Mais la préférence – comme parole qui explicite, qui exprime une choix conscient et
cordial – c’est surtout dans le second cas qu’elle s’accomplit : quand une certaine présence
normalement rappelle le Seigneur. Cette préférence met en jeu toute la valeur ultime de
l’affectivité, qui est un jugement, un jugement qui a pour conséquence une adhésion, le fait
d’adhérer, un vouloir, une « décision pour », un « se sentir de », un « se sentir pénétré par ».
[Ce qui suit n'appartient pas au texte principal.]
Lemma cauchy_schwarz x y : absc (ip x y) <= hnorm ip x * hnorm ip y.
Proof.
have [y0|yn0] := eqVneq (ip y y) 0.
  by rewrite (ip_eq0 y0) ip0r /absc normr0 mulr_ge0 ?hnorm_ge0.
set p := ip x y; set w := ip y y.
have w0 : 0 < w by rewrite lt_def yn0 ip_ge0.
have := ip_ge0 (x - (p / w) *: y).
rewrite (form_subZ ip_linl ip_hermitian) -/p -/w.
rewrite rmorphM /= fmorphV /= (conjC_ge0 (ltW w0)).
have -> : ip x x - p^*%R / w * p - p / w * p^*%R + p / w * (p^*%R / w) * w =
          ip x x - p * p^*%R / w by field; rewrite gt_eqF.
rewrite subr_ge0 ler_pdivrMr // => pp.
rewrite -(ler_pXn2r (_ : 0 < 2)%N) ?nnegrE ?absc_ge0 ?mulr_ge0 ?hnorm_ge0 //.
rewrite -lecR !rmorphXn /= -normcE normCK rmorphM exprMn -!rmorphXn.
by rewrite !hnorm_sqr /= -!ipxx.
Qed.

Lemma hnormD_le x y : hnorm ip (x + y) <= hnorm ip x + hnorm ip y.
Proof.
rewrite -(ler_pXn2r (_ : 0 < 2)%N) ?nnegrE ?addr_ge0 ?hnorm_ge0 //.
rewrite hnorm_sqr -lecR -ipxx ipDl !ipDr (ip_hermitian x y) !ipxx.
have xy : ip x y + (ip x y)^*%R <= 2 * ((hnorm ip x)%:C * (hnorm ip y)%:C).
  rewrite (le_trans (addcJ_le_norm _)) // ler_pM2l ?ltr0n //.
  by rewrite -rmorphM normcE lecR cauchy_schwarz.
rewrite rmorphXn rmorphD /= sqrrD -!rmorphXn !hnorm_sqr /=.
move: xy; move: (ip x y) (sqnorm x)%:C (sqnorm y)%:C ((hnorm ip x)%:C * _) => q a b c.
have -> : a + q + (q^*%R + b) = a + b + (q + q^*%R) by ring.
have -> : a + c *+ 2 + b = a + b + 2 * c by ring.
by rewrite lerD2l.
Qed.

Lemma parallelogram a b : sqnorm (a + b) + sqnorm (a - b) = 2 * sqnorm a + 2 * sqnorm b.
Proof.
apply: complexI; rewrite !rmorphD !rmorphM /= -!ipxx rmorph_nat.
rewrite ipDl ipBl !ipBr !ipDr.
move: (ip a a) (ip a b) (ip b a) (ip b b) => p q r s; ring.
Qed.

Lemma sqnormZ2 z : sqnorm (2 *: z) = 4 * sqnorm z.
Proof.
apply: complexI; rewrite rmorphM /= -!ipxx ipZl ipZr !rmorph_nat mulrA.
by rewrite -natrM.
Qed.

Lemma cvg_functional_eq0 (f : H -> R[i]) (C : R) (u : nat -> H) (x : H) :
  (forall a b, f (a - b) = f a - f b) ->
  (forall z, absc (f z) <= C * hnorm ip z) ->
  seq_cvg_to ip u x -> (forall n, f (u n) = 0) -> f x = 0.
Proof.
move=> fB fC cvx fu0; apply: absc_eq0.
have [r0|] := ltrP 0 (absc (f x)); last first.
  by move=> fx0; apply/eqP; rewrite eq_le fx0 absc_ge0.
set C' : R := `|C| + 1.
have C'0 : 0 < C' by rewrite ltr_wpDl.
have [N hN] := cvx _ (divr_gt0 r0 C'0).
have := hN N (leqnn N).
rewrite hnormBC -(ltr_pM2l C'0) mulrCA mulfV ?gt_eqF // mulr1.
move=> lt_fx; suff : absc (f x) <= C' * hnorm ip (x - u N) by rewrite leNgt lt_fx.
have -> : f x = f (x - u N) by rewrite fB fu0 subr0.
apply: (le_trans (fC _)); rewrite ler_wpM2r ?hnorm_ge0 //.
by rewrite (le_trans (ler_norm _)) // lerDl.
Qed.

Section Positive.
Variable A : H -> H.
Hypothesis hA : positive_op ip A.

Lemma positive_op_lin (a : R[i]) (x y : H) : A (a *: x + y) = a *: A x + A y.
Proof. by case: hA => [[]]. Qed.

Lemma positive_op_ge0 x : 0 <= ip (A x) x.
Proof. by case: hA. Qed.

(* Polarization at c = 1 and c = 'i: a hermitian quadratic form determines
   its sesquilinear form. *)
Lemma positive_op_selfadj x y : ip (A x) y = ip x (A y).
Proof.
have AxxC z : ip (A z) z = ip z (A z).
  by rewrite (ip_hermitian (A z) z) conjC_ge0 ?positive_op_ge0.
set P := ip (A x) y - ip x (A y); set Q := ip (A y) x - ip y (A x).
have PQ0 c : c^*%R * P + c * Q = 0.
  have := AxxC (x + c *: y).
  rewrite (linfD positive_op_lin) (linfZ positive_op_lin) !ipDl !ipDr !ipZl !ipZr.
  rewrite (AxxC x) (AxxC y) /P /Q => /eqP; rewrite -subr_eq0 => /eqP <-.
  by ring.
have := PQ0 1; rewrite conjC1 !mul1r => PQ.
have := PQ0 'i; rewrite conjCi mulNr addrC -mulrBr => /eqP.
rewrite mulf_eq0 (negbTE (neq0Ci _)) subr_eq0 => /eqP QP.
by move: PQ; rewrite QP -mulr2n => /eqP; rewrite mulrn_eq0 /= subr_eq0 => /eqP.
Qed.

Lemma Aform_linl (a : R[i]) (x y z : H) :
  ip (A (a *: x + y)) z = a * ip (A x) z + ip (A y) z.
Proof. by rewrite positive_op_lin ip_linl. Qed.

Lemma Aform_hermitian x y : ip (A y) x = (ip (A x) y)^*%R.
Proof. by rewrite positive_op_selfadj ip_hermitian. Qed.

End Positive.

Section Complete.
Hypothesis hc : complete_space ip.

Section MinimizingSequence.
Variables (x : H) (d : R) (ms : nat -> H).
Hypothesis ms_approx : forall n, sqnorm (x - ms n) < d + n.+1%:R^-1.

Lemma minimizing_seq_cauchy (M : H -> Prop) :
  (forall a b, M a -> M b -> M ((2 : R[i])^-1 *: (a + b))) ->
  (forall m, M m -> d <= sqnorm (x - m)) -> (forall n, M (ms n)) ->
  cauchy_seq ip ms.
Proof.
move=> Mmid dle Mms e e0.
have bound n k : sqnorm (ms n - ms k) <= 2 * n.+1%:R^-1 + 2 * k.+1%:R^-1.
  have := dle _ (Mmid _ _ (Mms n) (Mms k)).
  have := parallelogram (x - ms n) (x - ms k).
  have -> : (x - ms n) + (x - ms k) = 2 *: (x - (2 : R[i])^-1 *: (ms n + ms k)).
    rewrite scalerBr scalerA mulfV ?pnatr_eq0 // scale1r scaler_nat mulr2n.
    by rewrite opprD addrACA.
  have -> : (x - ms n) - (x - ms k) = ms k - ms n by rewrite opprB addrC addrA subrK.
  rewrite sqnormZ2 (sqnormBC (ms k)).
  have := ms_approx n; have := ms_approx k.
  move: (n.+1%:R : R)^-1 (k.+1%:R : R)^-1 => a b; lra.
have e20 : 0 < e ^+ 2 / 4 by rewrite divr_gt0 ?exprn_gt0 // ltr0n.
have [N hN] := inv_succ_lt e20.
exists N => m n hm hn.
rewrite -(ltr_pXn2r (_ : 0 < 2)%N) ?nnegrE ?hnorm_ge0 ?ltW // hnorm_sqr.
have := bound m n; have := hN m hm; have := hN n hn.
move: (m.+1%:R : R)^-1 (n.+1%:R : R)^-1 (e ^+ 2) => a b E; lra.
Qed.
En ce sens la préférence ne peut être réduite à un élan sentimental que l’on éprouve pour
une personne plus que pour une autre. C’est aussi une préférence, mais ce n’est pas une
préférence au niveau de ce que nous sommes en train de considérer, c’est-à-dire que ce n’est
pas une préférence digne, correcte : c’est une préférence instinctive, une préférence, comme
dirait saint Cassien, animale – vous vous souvenez ? –. Une préférence animale, pas une
préférence personnelle, c’est-à-dire dictée par le lien avec la conscience que l’on a de son
destin et du destin du monde et par l’affection que l’on porte à ce destin, par l’adhésion qui se
réalise vers ce destin.
J’ai fait la différence entre préférence personnelle (de la personne) et préférence animale,
parce qu si quelqu’un la vit sérieusement, ce que j’ai appelé préférence personnelle, avec le
temps, devient aussi instinctive, devient aussi un sentiment instinctif ; cela devient une
préférence dans le sens entier du terme, là où, alors, l’émotion qu’elle fait naître est
entièrement prise par le jugement sur le destin et par l’adhésion au vrai. Cela veut dire que la
préférence – disons au lieu de personnelle… non, personnelle est vraiment la parole juste ;
j’allais dire spirituelle, mais « spirituelle » est toujours compris de façon erronée – la
préférence personnelle, conçue selon l’origine que nous avons rappelée et décrite tend
toujours à s’accomplir en saisissant aussi l’aspect instinctif et l’aspect émotif, c’est-à-dire que
l’aspect immédiat de notre être dans le temps de Dieu devient affectivité pure (c’est une
application de la grande pensée de Saint Thomas que nous avons souvent rappelée, à savoir
que « le beau est la splendeur de la vérité »).
Ceci est vraiment inévitable pour l’homme : tôt ou tard, si quelqu’un poursuit la justice, il
devient instinctif pour lui d’aimer la justice. C’est pourquoi l’amour gratuit, c’est-à-dire la
reconnaissance idéale – parce que l’amour gratuit est la reconnaissance idéale –, tend à
embrasser et à assimiler, tend à investir jusqu’à la mœlle des os même l’amour émotif ou,
pour utiliser les mots de Saint Cassien, l’amour animal.